AMVNet: Assertion-based Multi-View Fusion Network for LiDAR Semantic Segmentation
This work provides a computationally efficient and modular approach for improving LiDAR semantic segmentation accuracy, which is beneficial for resource-constrained robotic systems like autonomous vehicles.
This paper introduces AMVNet, a late fusion network for LiDAR semantic segmentation that refines predictions by sampling points with score disagreements from multiple projection-based networks. It achieves state-of-the-art results on both SemanticKITTI and nuScenes benchmark datasets, outperforming baseline fusion methods.

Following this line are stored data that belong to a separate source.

(* A formal expression sum_k a_k x_{1k} (x) ... (x) x_{nk}, given as a list of
   pairs (a_k, (x_{ik})_i). *)
Definition tensor_expr (R : realType) (E : normedModType R) (n : nat) :=
  seq (R * ('I_n -> E)).

Definition texpr_eval (R : realType) (E : normedModType R) (n : nat)
  (f : ('I_n -> E) -> R) (s : tensor_expr E n) : R :=
  \sum_(p <- s) p.1 * f p.2.

(* Two formal expressions denote the same element of the algebraic tensor
   power E^{(x)n} iff they agree on every n-linear form (universal property). *)
Definition tensor_eq (R : realType) (E : normedModType R) (n : nat)
  (s t : tensor_expr E n) : Prop :=
  forall f, multilinear f -> texpr_eval f s = texpr_eval f t.

Definition texpr_cost (R : realType) (E : normedModType R) (n : nat)
  (N : E -> R) (s : tensor_expr E n) : R :=
  \sum_(p <- s) `|p.1| * \prod_(i < n) N (p.2 i).

Definition proj_inf (R : realType) (E : normedModType R) (n : nat)
  (N : E -> R) (Q : set E) (t : tensor_expr E n) : R :=
  inf [set c | exists s : tensor_expr E n,
        tensor_eq s t /\ (forall p, List.In p s -> forall i, Q (p.2 i)) /\
        c = texpr_cost N s].

Definition pos_proj_norm (R : realType) (E : normedModType R) (P : set E) (n : nat)
  (t : tensor_expr E n) : R :=
  proj_inf (fun x : E => `|x|) P t.

(* projective norm ||t||_{pi,E^+} of the normed space E^+ = (E, ||.||_+) *)
Definition proj_norm_Eplus (R : realType) (E : normedModType R) (P : set E) (n : nat)
  (t : tensor_expr E n) : R :=
  proj_inf (pos_norm P) setT t.

From HB Require Import structures.
From mathcomp Require Import all_boot all_order all_algebra.
From mathcomp Require Import all_classical all_reals.
From mathcomp Require Import topology normedtype ring lra.
Set Implicit Arguments. Unset Strict Implicit. Unset Printing Implicit Defensive.
Import Order.TTheory GRing.Theory Num.Theory.
Local Open Scope ring_scope.
Local Open Scope classical_set_scope.

(* Since ||x|| <= ||x||_+ for all x and ||x||_+ <= ||x|| for x >= 0, a
   representation of t by positive vectors costs at least as much in ||.|| as
   in ||.||_+, whence ||t||_{pi,E^+} <= ||t||_{pi+}.  Conversely, write every
   vector x of an arbitrary representation as y - z with y, z >= 0 and
   ||y|| + ||z|| <= lam ||x||_+ (lam > 1), and expand multilinearly, one tensor
   coordinate at a time: this gives a positive representation whose cost is at
   most lam^n times the ||.||_+-cost of the original one.  Let lam decrease
   to 1. *)

Lemma expr1D_le_chord (R : realFieldType) (x : R) n :
  0 <= x <= 1 -> (1 + x) ^+ n <= 1 + (2 ^+ n - 1) * x.
Proof.
case/andP=> x_ge0 x_le1; elim: n => [|n IHn].
  by rewrite !expr0 subrr mul0r addr0.
have two_n_ge1 : 1 <= (2 : R) ^+ n by rewrite exprn_ege1 // ler1n.
have pow_ge0 : 0 <= (1 + x) ^+ n by rewrite exprn_ge0 // addr_ge0.
rewrite !exprS; move: IHn two_n_ge1 pow_ge0.
set a := (1 + x) ^+ n; set b := (2 : R) ^+ n => IHn two_n_ge1 pow_ge0.
have step : (1 + x) * a <= (1 + x) * (1 + (b - 1) * x).
  by apply: ler_wpM2l => //; lra.
have sq_le : (b - 1) * (x * x) <= (b - 1) * x by apply: ler_wpM2l; nra.
nra.
Qed.

Lemma le_of_forall_gt1_exprM (R : realFieldType) (a c : R) n : 0 <= c ->
  (forall lam, 1 < lam -> a <= lam ^+ n * c) -> a <= c.
Proof.
move=> c_ge0 a_le; apply/ler_addgt0Pr => e e_gt0.
have two_n_ge1 : 1 <= (2 : R) ^+ n by rewrite exprn_ege1 // ler1n.
set K := 2 ^+ n * c + 1.
have K_gt0 : 0 < K by rewrite ltr_pwDr // mulr_ge0 // exprn_ge0.
set eta := e / (K + e).
have eta_gt0 : 0 < eta by rewrite divr_gt0 // addr_gt0.
have eta_K : eta * (K + e) = e by rewrite divfK // gt_eqF // addr_gt0.
have eta_le1 : eta <= 1 by nra.
apply: le_trans (a_le (1 + eta) _) _; first lra.
have chord : (1 + eta) ^+ n <= 1 + (2 ^+ n - 1) * eta.
  by apply: expr1D_le_chord; rewrite ltW.
apply: le_trans (ler_wpM2r c_ge0 chord) _.
rewrite mulrDl mul1r lerD2l.
have eta_c_ge0 : 0 <= eta * c by rewrite mulr_ge0 // ltW.
move: eta_K; rewrite /K; clearbody eta; nra.
Qed.

Section PositiveNorm.
Variables (R : realType) (E : normedModType R) (P : set E).
Hypothesis P0 : P 0.
Hypothesis P_generating : forall x, exists y z, P y /\ P z /\ x = y - z.

Let decomposition_costs (x : E) :=
  [set c | exists y z, P y /\ P z /\ x = y - z /\ c = `|y| + `|z|].

Lemma decomposition_costs_neq0 x : decomposition_costs x !=set0.
Proof.
have [y [z [Py [Pz ->]]]] := P_generating x.
by exists (`|y| + `|z|), y, z.
Qed.

Lemma normr_le_pos_norm x : `|x| <= pos_norm P x.
Proof.
apply: lb_le_inf; first exact: decomposition_costs_neq0.
by move=> _ [y [z [_ [_ [-> ->]]]]]; exact: ler_normB.
Qed.

Lemma pos_norm_ge0 x : 0 <= pos_norm P x.
Proof. exact: le_trans (normr_le_pos_norm x). Qed.

Lemma pos_norm_le_normr x : P x -> pos_norm P x <= `|x|.
Proof.
move=> Px; rewrite -[leRHS]addr0 -(normr0 E).
apply: ge_inf; last by exists x, 0; rewrite subr0.
by exists 0 => _ [y [z [_ [_ [_ ->]]]]]; exact: addr_ge0.
Qed.

Lemma pos_norm_approx (lam : R) x : 1 < lam ->
  exists y z, P y /\ P z /\ x = y - z /\ `|y| + `|z| <= lam * pos_norm P x.
Proof.
move=> lam_gt1; have [->|x_neq0] := eqVneq x 0.
  exists 0, 0; rewrite subr0 normr0 addr0.
  by do 3!split=> //; rewrite mulr_ge0 ?pos_norm_ge0 // ltW // (lt_trans ltr01).
have pos_norm_gt0 : 0 < pos_norm P x.
  by apply: lt_le_trans (normr_le_pos_norm x); rewrite normr_gt0.
have : pos_norm P x < lam * pos_norm P x by rewrite ltr_pMl.
case/(inf_lt (decomposition_costs_neq0 x)) => _ [y [z [Py [Pz [-> ->]]]]] lt.
by exists y, z; do 3!split=> //; exact: ltW.
Qed.

Lemma positive_parts_approx (lam : R) : 1 < lam ->
  exists Y Z : E -> E, [/\ forall x, P (Y x), forall x, P (Z x),
    forall x, x = Y x - Z x & forall x, `|Y x| + `|Z x| <= lam * pos_norm P x].
Proof.
move=> lam_gt1.
have /choice [YZ YZ_spec] : forall x, exists yz : E * E,
    [/\ P yz.1, P yz.2, x = yz.1 - yz.2 & `|yz.1| + `|yz.2| <= lam * pos_norm P x].
  move=> x; have [y [z [? [? [? ?]]]]] := pos_norm_approx x lam_gt1.
  by exists (y, z).
by exists (fun x => (YZ x).1), (fun x => (YZ x).2); split=> x; case: (YZ_spec x).
Qed.

End PositiveNorm.

Section Update.
Variables (T : Type) (n : nat).

Lemma upd_id (v : 'I_n -> T) i : upd v i (v i) = v.
Proof. by apply: funext => j; rewrite /upd; case: eqVneq => // ->. Qed.

Lemma upd_eq (v : 'I_n -> T) i w : upd v i w i = w.
Proof. by rewrite /upd eqxx. Qed.

Lemma upd_neq (v : 'I_n -> T) i w j : j != i -> upd v i w j = v j.
Proof. by rewrite /upd => /negbTE ->. Qed.

End Update.

Section Splitting.
Variables (R : realType) (E : normedModType R) (n : nat) (Y Z : E -> E).

Fixpoint split_coord (i : 'I_n) (s : tensor_expr E n) : tensor_expr E n :=
  if s is p :: s' then
    (p.1, upd p.2 i (Y (p.2 i))) :: (- p.1, upd p.2 i (Z (p.2 i)))
      :: split_coord i s'
  else [::].

Definition split_coords (l : seq 'I_n) (s : tensor_expr E n) : tensor_expr E n :=
  foldr split_coord s l.

Section Evaluation.
Hypothesis YZ_sub : forall x, x = Y x - Z x.

Lemma texpr_eval_split_coord f i s :
  multilinear f -> texpr_eval f (split_coord i s) = texpr_eval f s.
Proof.
move=> f_lin; elim: s => [//|p s IHs].
rewrite /texpr_eval !big_cons /= -/(texpr_eval f _) IHs addrA; congr (_ + _).
have -> : f p.2 = f (upd p.2 i ((-1) *: Z (p.2 i) + Y (p.2 i))).
  by rewrite scaleN1r addrC -YZ_sub upd_id.
by rewrite f_lin; ring.
Qed.

Lemma tensor_eq_split_coords l s : tensor_eq (split_coords l s) s.
Proof.
move=> f f_lin; elim: l => [//|i l IHl] /=.
by rewrite texpr_eval_split_coord.
Qed.

End Evaluation.

Section Positivity.
Variable P : set E.
Hypotheses (PY : forall x, P (Y x)) (PZ : forall x, P (Z x)).

Lemma split_coord_in i l s :
  (forall p, List.In p s -> forall j, j \in l -> P (p.2 j)) ->
  forall p, List.In p (split_coord i s) -> forall j, j \in i :: l -> P (p.2 j).
Proof.
elim: s => [//|q s IHs] Ps p /=.
have Pupd w : P w -> forall j, j \in i :: l -> P (upd q.2 i w j).
  move=> Pw j; rewrite in_cons.
  case: eqVneq => [->|j_neq_i] /=; first by rewrite upd_eq.
  by move=> jl; rewrite upd_neq //; apply: Ps => //; left.
case=> [<-|[<-|]]; [exact: Pupd | exact: Pupd |].
by apply: IHs => q' q's; apply: Ps; right.
Qed.

Lemma split_coords_in l s p :
  List.In p (split_coords l s) -> forall j, j \in l -> P (p.2 j).
Proof. by elim: l p => [//|i l IHl] /=; exact: split_coord_in. Qed.

End Positivity.

Section Cost.
Variables (N : E -> R) (lam : R).
Hypothesis N_ge0 : forall x, 0 <= N x.
Hypothesis lam_ge0 : 0 <= lam.
Hypothesis YZ_cost : forall x, `|Y x| + `|Z x| <= lam * N x.

Definition mixed_cost (l : seq 'I_n) (s : tensor_expr E n) : R :=
  \sum_(p <- s) `|p.1| * \prod_(j < n) (if j \in l then `|p.2 j| else N (p.2 j)).

Lemma mixed_cost_nil s : mixed_cost [::] s = texpr_cost N s.
Proof.
by apply: eq_bigr => p _; congr (_ * _); apply: eq_bigr => j _; rewrite in_nil.
Qed.

Lemma mixed_cost_enum s :
  mixed_cost (enum 'I_n) s = texpr_cost (fun x : E => `|x|) s.
Proof.
by apply: eq_bigr => p _; congr (_ * _); apply: eq_bigr => j _; rewrite mem_enum.
Qed.

Lemma mixed_cost_split_coord i l s : i \notin l ->
  mixed_cost (i :: l) (split_coord i s) <= lam * mixed_cost l s.
Proof.
move=> il; elim: s => [|p s IHs]; first by rewrite /mixed_cost !big_nil mulr0.
rewrite /mixed_cost /= !big_cons.
rewrite -/(mixed_cost _ (split_coord i s)) -/(mixed_cost l s).
rewrite mulrDr addrA; apply: lerD => //.
set G := fun j => if j \in l then `|p.2 j| else N (p.2 j).
set Q := \prod_(j < n | j != i) G j.
have Q_ge0 : 0 <= Q.
  by apply: prodr_ge0 => j _; rewrite /G; case: ifP.
have cost_upd w : \prod_(j < n) (if j \in i :: l then `|upd p.2 i w j|
    else N (upd p.2 i w j)) = `|w| * Q.
  rewrite (bigD1 i) //= in_cons eqxx upd_eq; congr (_ * _).
  by apply: eq_bigr => j j_neq_i; rewrite in_cons (negbTE j_neq_i) upd_neq.
have cost_p : \prod_(j < n) G j = N (p.2 i) * Q.
  by rewrite (bigD1 i) //= /G (negbTE il).
rewrite !cost_upd cost_p /= normrN -mulrDr -mulrDl [leRHS]mulrCA.
by apply: ler_wpM2l => //; rewrite mulrA; apply: ler_wpM2r.
Qed.

Lemma mixed_cost_split_coords l s : uniq l ->
  mixed_cost l (split_coords l s) <= lam ^+ size l * mixed_cost [::] s.
Proof.
elim: l => [|i l IHl] /=; first by rewrite expr0 mul1r.
case/andP=> il l_uniq; apply: le_trans (mixed_cost_split_coord _ il) _.
by rewrite exprS -mulrA; apply: ler_wpM2l => //; exact: IHl.
Qed.

End Cost.

End Splitting.

Section ProjectiveNorms.
Variables (R : realType) (E : normedModType R) (n : nat).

In this paper, we present an Assertion-based Multi-View Fusion network (AMVNet) for LiDAR semantic segmentation which aggregates the semantic features of individual projection-based networks using late fusion. Given class scores from different projection-based networks, we perform assertion-guided point sampling on score disagreements and pass a set of point-level features for each sampled point to a simple point head which refines the predictions. This modular-and-hierarchical late fusion approach provides the flexibility of having two independent networks with a minor overhead from a light-weight network. Such approaches are desirable for robotic systems, e.g. autonomous vehicles, for which the computational and memory resources are often limited. Extensive experiments show that AMVNet achieves state-of-the-art results in both the SemanticKITTI and nuScenes benchmark datasets and that our approach outperforms the baseline method of combining the class scores of the projection-based networks.